EXERCISE DETAILS
Would you filter these records and copy every line that has the word "quadratic"?
RECORDS PROVIDED below:
(* Consider the delay differential system \[ \begin{aligned} \dot T(t)&= s-dT(t)+aT(t)\Big(1-\frac{T(t)+I(t)}{T_{\max}}\Big)-\frac{bT(t)V(t)}{1+\alpha V(t)},\\ \dot I(t)&= \frac{bT(t-\tau)V(t-\tau)}{1+\alpha V(t-\tau)}+aI(t)\Big(1-\frac{T(t)+I(t)}{T_{\max}}\Big)-\mu I(t),\\ \dot V(t)&= pI(t)-cV(t), \end{aligned} \] with positive constants $s,d,a,T_{\max},b,\alpha,\mu,p,c$ and $\tau\ge0$. Let \[ T_0=\frac{T_{\max}}{2a}\Big(a-d+\sqrt{(a-d)^2+\tfrac{4as}{T_{\max}}}\Big),\qquad R_0=\frac{1}{\mu}\Big[\frac{bpT_0}{c}+a\Big(1-\frac{T_0}{T_{\max}}\Big)\Big]. \] If $R_0>1$, then the system has a unique equilibrium $(T_2,I_2,V_2)$ with $T_2>0$, $I_2>0$, $V_2>0$ (an infected equilibrium).
   Context: Equilibria are constant solutions of the system (they do not depend on $\tau$). $R_0$ is called the basic reproductive number. *)

From Stdlib Require Import Reals.
Open Scope R_scope.

Record params := mkParams {
  s_ : R; d_ : R; a_ : R; Tmax_ : R; b_ : R; alpha_ : R;
  mu_ : R; p_ : R; c_ : R; tau_ : R }.

Definition params_ok (P : params) : Prop :=
  0 < s_ P /\ 0 < d_ P /\ 0 < a_ P /\ 0 < Tmax_ P /\ 0 < b_ P /\
  0 < alpha_ P /\ 0 < mu_ P /\ 0 < p_ P /\ 0 < c_ P /\ 0 <= tau_ P.

(* Right-hand sides of the DDE, as functions of the current state (T,I,V)
   and the delayed state (Td,Id,Vd) = (T(t-tau), I(t-tau), V(t-tau)). *)
Definition fT (P : params) (T I V : R) : R :=
  s_ P - d_ P * T + a_ P * T * (1 - (T + I) / Tmax_ P)
  - b_ P * T * V / (1 + alpha_ P * V).

Definition fI (P : params) (T I V Td Vd : R) : R :=
  b_ P * Td * Vd / (1 + alpha_ P * Vd) + a_ P * I * (1 - (T + I) / Tmax_ P)
  - mu_ P * I.

Definition fV (P : params) (I V : R) : R := p_ P * I - c_ P * V.

(* An equilibrium is a constant solution: the state is constant in time,
   so the delayed state equals the current one and all derivatives vanish. *)
Definition is_equilibrium (P : params) (T I V : R) : Prop :=
  fT P T I V = 0 /\ fI P T I V T V = 0 /\ fV P I V = 0.

Definition T0 (P : params) : R :=
  Tmax_ P / (2 * a_ P) *
  (a_ P - d_ P + sqrt ((a_ P - d_ P) ^ 2 + 4 * a_ P * s_ P / Tmax_ P)).

Definition basicR0 (P : params) : R :=
  / mu_ P * (b_ P * p_ P * T0 P / c_ P + a_ P * (1 - T0 P / Tmax_ P)).

From Stdlib Require Import Reals Lra Psatz Ranalysis5.
From Coquelicot Require Import Coquelicot.
Open Scope R_scope.

(* Dividing the T- and I-equations by T and I and substituting V = (p/c) I, the
   positive equilibria are the common positive roots (T, I) of two per-capita rates
   rateT and rateI.  For each I >= 0, rateT (., I) has a unique positive root
   Tnull I, given by the quadratic formula, and Tnull 0 = T0.  The function
   I |-> rateI (Tnull I) I is continuous, positive at I = 0 because R0 > 1, and
   negative for large I, so the intermediate value theorem gives an infected
   equilibrium.  For uniqueness: rateT is strictly decreasing in both arguments, so
   two distinct roots are ordered T1 < T2, I2 < I1.  Then rateI = 0 forces
   T1 + I1 < T2 + I2, whereas rateT - rateI = 0 reads
   b k (T + I) / (1 + alpha k I) = s / T + mu - d, whose left side would then
   increase and right side decrease. *)

Lemma Rdiv_lt_compat (n1 n2 d1 d2 : R) :
  0 <= n1 -> n1 < n2 -> 0 < d2 -> d2 <= d1 -> n1 / d1 < n2 / d2.
Proof.
  intros hn1 hn hd2 hd. unfold Rdiv.
  apply Rle_lt_trans with (n1 * / d2).
  - apply Rmult_le_compat_l; [lra | apply Rinv_le_contravar; lra].
  - apply Rmult_lt_compat_r; [apply Rinv_0_lt_compat |]; lra.
Qed.

Definition pos_root (A B C : R) : R := (- B + sqrt (B ^ 2 + 4 * A * C)) / (2 * A).

Section PosRoot.
Variables (A B C : R).
Hypotheses (hA : 0 < A) (hC : 0 < C).

Lemma pos_root_pos : 0 < pos_root A B C.
Proof.
  unfold pos_root.
  assert (hD : 0 <= B ^ 2 + 4 * A * C) by nra.
  pose proof (sqrt_sqrt _ hD). pose proof (sqrt_pos (B ^ 2 + 4 * A * C)).
  apply Rdiv_lt_0_compat; nra.
Qed.

Lemma pos_root_spec : A * pos_root A B C ^ 2 + B * pos_root A B C = C.
Proof.
  unfold pos_root.
  assert (hD : 0 <= B ^ 2 + 4 * A * C) by nra.
  pose proof (sqrt_sqrt _ hD) as hsq.
  set (D := sqrt _) in *.
  apply Rminus_diag_uniq.
  replace (A * ((- B + D) / (2 * A)) ^ 2 + B * ((- B + D) / (2 * A)) - C)
    with ((D * D - (B ^ 2 + 4 * A * C)) / (4 * A)) by (field; lra).
  rewrite hsq. unfold Rdiv. ring.
Qed.

Lemma pos_root_le : 0 <= B -> pos_root A B C <= 1 + C / A.
Proof.
  intros hB.
  pose proof pos_root_pos as hr. pose proof pos_root_spec as hspec.
  set (r := pos_root A B C) in *.
  assert (hAr : A * r <= A + C) by nra.
  apply Rmult_le_reg_l with A; [lra |].
  replace (A * (1 + C / A)) with (A + C) by (field; lra). exact hAr.
Qed.
End PosRoot.

Section Equilibria.

Variable P : params.
Hypothesis HP : params_ok P.

Local Notation s := (s_ P).
Local Notation d := (d_ P).
Local Notation a := (a_ P).
Local Notation Tm := (Tmax_ P).
Local Notation b := (b_ P).
Local Notation al := (alpha_ P).
Local Notation mu := (mu_ P).

Let hs : 0 < s. Proof. apply HP. Qed.
Let hd : 0 < d. Proof. apply HP. Qed.
Let ha : 0 < a. Proof. apply HP. Qed.
Let hTm : 0 < Tm. Proof. apply HP. Qed.
Let hb : 0 < b. Proof. apply HP. Qed.
Let hal : 0 < al. Proof. apply HP. Qed.
Let hmu : 0 < mu. Proof. apply HP. Qed.

Definition VI_ratio : R := p_ P / c_ P.
Local Notation k := VI_ratio.

Lemma VI_ratio_pos : 0 < k.
Proof. apply Rdiv_lt_0_compat; apply HP. Qed.

Let hk := VI_ratio_pos.

Let hden (y : R) : 0 <= y -> 0 < 1 + al * (k * y).
Proof.
  intros hy. pose proof hal; pose proof hk.
  assert (0 <= k * y) by (apply Rmult_le_pos; lra). nra.
Qed.

Definition infection_rate (v : R) : R := b * v / (1 + al * v).

Lemma infection_rate_le_compat (y1 y2 : R) : 0 <= y1 -> y1 <= y2 ->
  infection_rate (k * y1) <= infection_rate (k * y2).
Proof.
  intros hy1 hy12. pose proof (hden y1 hy1). pose proof (hden y2 ltac:(lra)).
  unfold infection_rate. apply Rminus_le.
  replace (b * (k * y1) / (1 + al * (k * y1)) - b * (k * y2) / (1 + al * (k * y2)))
    with (b * k * (y1 - y2) / ((1 + al * (k * y1)) * (1 + al * (k * y2)))) by (field; lra).
  assert (0 < / ((1 + al * (k * y1)) * (1 + al * (k * y2)))) by (apply Rinv_0_lt_compat, Rmult_lt_0_compat; assumption).
  assert (0 <= b * k * (y2 - y1)) by (apply Rmult_le_pos; [apply Rmult_le_pos |]; lra).
  unfold Rdiv. nra.
Qed.

Definition rateT (x y : R) : R :=
  s / x - d + a * (1 - (x + y) / Tm) - infection_rate (k * y).
Definition rateI (x y : R) : R :=
  b * k * x / (1 + al * (k * y)) + a * (1 - (x + y) / Tm) - mu.

Lemma rateT_lt (x1 y1 x2 y2 : R) : 0 < x1 -> 0 <= y1 -> x1 <= x2 -> y1 <= y2 ->
  x1 < x2 \/ y1 < y2 -> rateT x2 y2 < rateT x1 y1.
Proof.
  intros hx1 hy1 hx hy hlt. unfold rateT.
  pose proof (infection_rate_le_compat y1 y2 hy1 hy).
  assert (s / x2 <= s / x1).
  { unfold Rdiv. apply Rmult_le_compat_l; [lra | apply Rinv_le_contravar; lra]. }
  assert (hsum : (x1 + y1) / Tm < (x2 + y2) / Tm).
  { unfold Rdiv. apply Rmult_lt_compat_r; [apply Rinv_0_lt_compat |]; lra. }
  nra.
Qed.

Lemma rateT_sub_rateI (x y : R) : 0 < x -> 0 <= y ->
  rateT x y - rateI x y = s / x - d + mu - b * k * (x + y) / (1 + al * (k * y)).
Proof. intros hx hy. pose proof (hden y hy). unfold rateT, rateI, infection_rate. field. lra. Qed.

Lemma rate_roots_not_crossing (x1 y1 x2 y2 : R) : 0 < x1 -> 0 <= y2 -> x1 < x2 -> y2 < y1 ->
  rateT x1 y1 = 0 -> rateI x1 y1 = 0 -> rateT x2 y2 = 0 -> rateI x2 y2 = 0 -> False.
Proof.
  intros hx1 hy2 hx hy hT1 hI1 hT2 hI2.
  assert (hden12 : 1 + al * (k * y2) <= 1 + al * (k * y1)).
  { apply Rplus_le_compat_l, Rmult_le_compat_l, Rmult_le_compat_l; lra. }
  pose proof (hden y2 hy2).
  assert (hbk : 0 < b * k) by (apply Rmult_lt_0_compat; lra).
  assert (hinc : b * k * x1 / (1 + al * (k * y1)) < b * k * x2 / (1 + al * (k * y2))).
  { apply Rdiv_lt_compat; nra. }
  assert (hsum : x1 + y1 < x2 + y2).
  { unfold rateI in hI1, hI2.
    assert (a * ((x1 + y1) / Tm) < a * ((x2 + y2) / Tm)) by nra.
    apply Rmult_lt_reg_r with (/ Tm); [apply Rinv_0_lt_compat; lra |].
    apply Rmult_lt_reg_l with a; lra. }
  assert (b * k * (x1 + y1) / (1 + al * (k * y1)) < b * k * (x2 + y2) / (1 + al * (k * y2))).
  { apply Rdiv_lt_compat; nra. }
  assert (s / x2 < s / x1).
  { unfold Rdiv. apply Rmult_lt_compat_l; [lra | apply Rinv_lt_contravar; nra]. }
  pose proof (rateT_sub_rateI x1 y1 hx1 ltac:(lra)).
  pose proof (rateT_sub_rateI x2 y2 ltac:(lra) hy2).
  lra.
Qed.

Lemma rate_roots_unique (x1 y1 x2 y2 : R) : 0 < x1 -> 0 < y1 -> 0 < x2 -> 0 < y2 ->
  rateT x1 y1 = 0 -> rateI x1 y1 = 0 -> rateT x2 y2 = 0 -> rateI x2 y2 = 0 ->
  x1 = x2 /\ y1 = y2.
Proof.
  revert x1 y1 x2 y2.
  assert (wlog : forall x1 y1 x2 y2, 0 < x1 -> 0 < y1 -> 0 < x2 -> 0 < y2 -> x1 <= x2 ->
    rateT x1 y1 = 0 -> rateI x1 y1 = 0 -> rateT x2 y2 = 0 -> rateI x2 y2 = 0 ->
    x1 = x2 /\ y1 = y2).
  { intros x1 y1 x2 y2 hx1 hy1 hx2 hy2 hx hT1 hI1 hT2 hI2.
    destruct (Rle_lt_dec y1 y2) as [hy | hy].
    - destruct (Req_dec x1 x2), (Req_dec y1 y2); try tauto;
        exfalso; pose proof (rateT_lt x1 y1 x2 y2); lra.
    - exfalso. destruct (Req_dec x1 x2) as [<- | hneq].
      + pose proof (rateT_lt x1 y2 x1 y1); lra.
      + apply (rate_roots_not_crossing x1 y1 x2 y2); lra. }
  intros x1 y1 x2 y2 hx1 hy1 hx2 hy2 hT1 hI1 hT2 hI2.
  destruct (Rle_lt_dec x1 x2).
  - apply wlog; assumption.
  - destruct (wlog x2 y2 x1 y1); lra.
Qed.

(* [x * rateT x y = 0] is the quadratic [(a/Tm) x^2 + B x = s], B the middle argument below. *)
Definition Tnull (y : R) : R :=
  pos_root (a / Tm) (d - a + a * y / Tm + infection_rate (k * y)) s.

Let hA : 0 < a / Tm := Rdiv_lt_0_compat _ _ ha hTm.

Lemma Tnull_pos (y : R) : 0 < Tnull y.
Proof. apply pos_root_pos; assumption. Qed.

Lemma rateT_Tnull (y : R) : 0 <= y -> rateT (Tnull y) y = 0.
Proof.
  intros hy. pose proof (Tnull_pos y) as hX.
  pose proof (pos_root_spec (a / Tm) (d - a + a * y / Tm + infection_rate (k * y)) s hA hs) as hspec.
  fold (Tnull y) in hspec. unfold rateT.
  set (X := Tnull y) in *.
  replace (s / X - d + a * (1 - (X + y) / Tm) - infection_rate (k * y))
    with ((s - (a / Tm * X ^ 2 + (d - a + a * y / Tm + infection_rate (k * y)) * X)) / X) by (field; lra).
  rewrite hspec. unfold Rdiv. ring.
Qed.

Lemma Tnull_0 : Tnull 0 = T0 P.
Proof.
  unfold Tnull, pos_root, T0, infection_rate.
  replace (d - a + a * 0 / Tm + b * (k * 0) / (1 + al * (k * 0))) with (d - a) by (field; lra).
  replace ((d - a) ^ 2 + 4 * (a / Tm) * s) with ((a - d) ^ 2 + 4 * a * s / Tm) by (field; lra).
  field. lra.
Qed.

Lemma Tnull_le (y : R) : Tm <= y -> Tnull y <= 1 + s / (a / Tm).
Proof.
  intros hy. apply pos_root_le; try assumption.
  pose proof (infection_rate_le_compat 0 y (Rle_refl 0) ltac:(lra)).
  assert (infection_rate (k * 0) = 0) by (unfold infection_rate; field; lra).
  assert (a <= a * y / Tm).
  { apply Rmult_le_reg_r with Tm; [lra |].
    replace (a * y / Tm * Tm) with (a * y) by (field; lra). nra. }
  lra.
Qed.

Lemma rateI_Tnull_eventually_neg : exists y, 0 < y /\ rateI (Tnull y) y < 0.
Proof.
  set (M := 1 + s / (a / Tm)).
  assert (hM : 0 < M) by (unfold M; pose proof (Rdiv_lt_0_compat _ _ hs hA); lra).
  assert (hbk : 0 < b * k) by (apply Rmult_lt_0_compat; lra).
  set (y := Tm * (2 + b * k * M / a)).
  assert (hy : Tm <= y).
  { unfold y. assert (0 <= b * k * M / a) by (apply Rdiv_le_0_compat; nra).
    nra. }
  exists y. split; [lra |].
  pose proof (Tnull_le y hy) as hXM. pose proof (Tnull_pos y) as hX.
  fold M in hXM. unfold rateI. set (X := Tnull y) in *.
  assert (b * k * X / (1 + al * (k * y)) <= b * k * X).
  { pose proof (hden y ltac:(lra)).
    apply Rmult_le_reg_r with (1 + al * (k * y)); [lra |].
    replace (b * k * X / (1 + al * (k * y)) * (1 + al * (k * y))) with (b * k * X) by (field; lra).
    assert (0 <= al * (k * y)) by (apply Rmult_le_pos; [| apply Rmult_le_pos]; lra).
    assert (0 <= b * k * X) by nra.
    nra. }
  assert (a * (1 - (X + y) / Tm) = a - a * X / Tm - (2 * a + b * k * M)) by (unfold y; field; lra).
  assert (0 <= a * X / Tm) by (apply Rdiv_le_0_compat; nra).
  nra.
Qed.

Lemma rateI_Tnull_continuous (y : R) : 0 <= y -> continuity_pt (fun y => rateI (Tnull y) y) y.
Proof.
  intros hy. apply continuity_pt_filterlim, (ex_derive_continuous (fun y => rateI (Tnull y) y)).
  pose proof (hden y hy).
  assert (0 < (d - a + a * y / Tm + infection_rate (k * y)) ^ 2 + 4 * (a / Tm) * s).
  { pose proof (Rmult_lt_0_compat _ _ hA hs). pose proof (pow2_ge_0 (d - a + a * y / Tm + infection_rate (k * y))). lra. }
  unfold rateI, Tnull, pos_root, infection_rate in *. auto_derive. repeat split; lra.
Qed.

Lemma rateI_T0_pos : basicR0 P > 1 -> 0 < rateI (T0 P) 0.
Proof.
  unfold basicR0, rateI, VI_ratio. intros hR0.
  assert (hc : 0 < c_ P) by apply HP.
  apply Rmult_gt_compat_l with (r := mu) in hR0; [| lra].
  rewrite <- Rmult_assoc, Rinv_r, Rmult_1_l, Rmult_1_r in hR0 by lra.
  replace (b * (p_ P / c_ P) * T0 P / (1 + al * (p_ P / c_ P * 0)))
    with (b * p_ P * T0 P / c_ P) by (field; lra).
  lra.
Qed.

Lemma exists_rate_root : basicR0 P > 1 ->
  exists y, 0 < y /\ rateT (Tnull y) y = 0 /\ rateI (Tnull y) y = 0.
Proof.
  intros hR0.
  destruct rateI_Tnull_eventually_neg as [y1 [hy1 hneg]].
  pose proof (rateI_T0_pos hR0) as hpos. rewrite <- Tnull_0 in hpos.
  destruct (IVT_interv (fun y => - rateI (Tnull y) y) 0 y1) as [y [hy hroot]].
  - intros y hy. apply continuity_pt_opp, rateI_Tnull_continuous. lra.
  - exact hy1.
  - lra.
  - lra.
  - assert (y <> 0) by (intros ->; lra).
    exists y. repeat split; [lra | apply rateT_Tnull; lra | lra].
Qed.

Lemma is_equilibrium_iff (x y v : R) : 0 < x -> 0 < y ->
  is_equilibrium P x y v <-> v = k * y /\ rateT x y = 0 /\ rateI x y = 0.
Proof.
  intros hx hy.
  assert (hc : 0 < c_ P) by apply HP.
  pose proof (hden y ltac:(lra)).
  assert (hV : fV P y v = 0 <-> v = k * y).
  { unfold fV, VI_ratio. split; intros h.
    - apply Rmult_eq_reg_l with (c_ P); [| lra].
      replace (c_ P * (p_ P / c_ P * y)) with (p_ P * y) by (field; lra). lra.
    - subst v. field. lra. }
  assert (hfT : fT P x y (k * y) = x * rateT x y) by (unfold fT, rateT, infection_rate; field; lra).
  assert (hfI : fI P x y (k * y) x (k * y) = y * rateI x y) by (unfold fI, rateI; field; lra).
  unfold is_equilibrium. split.
  - intros (hT & hI & hv). apply hV in hv. subst v.
    split; [reflexivity |]. rewrite hfT in hT. rewrite hfI in hI. split; nra.
  - intros (-> & hT & hI). rewrite hfT, hfI, hT, hI, hV. repeat split; ring.
Qed.

End Equilibria.

Theorem mainTheorem2 (P : params) :
  params_ok P -> basicR0 P > 1 ->
  exists T2 I2 V2 : R,
    (0 < T2 /\ 0 < I2 /\ 0 < V2 /\ is_equilibrium P T2 I2 V2) /\
    (forall T I V : R, 0 < T -> 0 < I -> 0 < V -> is_equilibrium P T I V ->
       T = T2 /\ I = I2 /\ V = V2).
Proof.
  intros HP hR0.
  destruct (exists_rate_root P HP hR0) as (I2 & hI2 & hrT & hrI).
  pose proof (Tnull_pos P HP I2) as hT2.
  exists (Tnull P I2), I2, (VI_ratio P * I2). split.
  - assert (0 < VI_ratio P * I2).
    { apply Rmult_lt_0_compat; [apply VI_ratio_pos |]; assumption. }
    do 3 (split; [assumption |]).
    apply (is_equilibrium_iff P HP); auto.
  - intros T I V hT hI _ hEq.
    apply (is_equilibrium_iff P HP) in hEq as (-> & hrT' & hrI'); auto.
    destruct (rate_roots_unique P HP T I (Tnull P I2) I2) as [-> ->]; auto.
Qed.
End of RECORDS PROVIDED.
OUTPUT OF THE TASK
   Tnull I, given by the quadratic formula, and Tnull 0 = T0.  The function
(* [x * rateT x y = 0] is the quadratic [(a/Tm) x^2 + B x = s], B the middle argument below. *)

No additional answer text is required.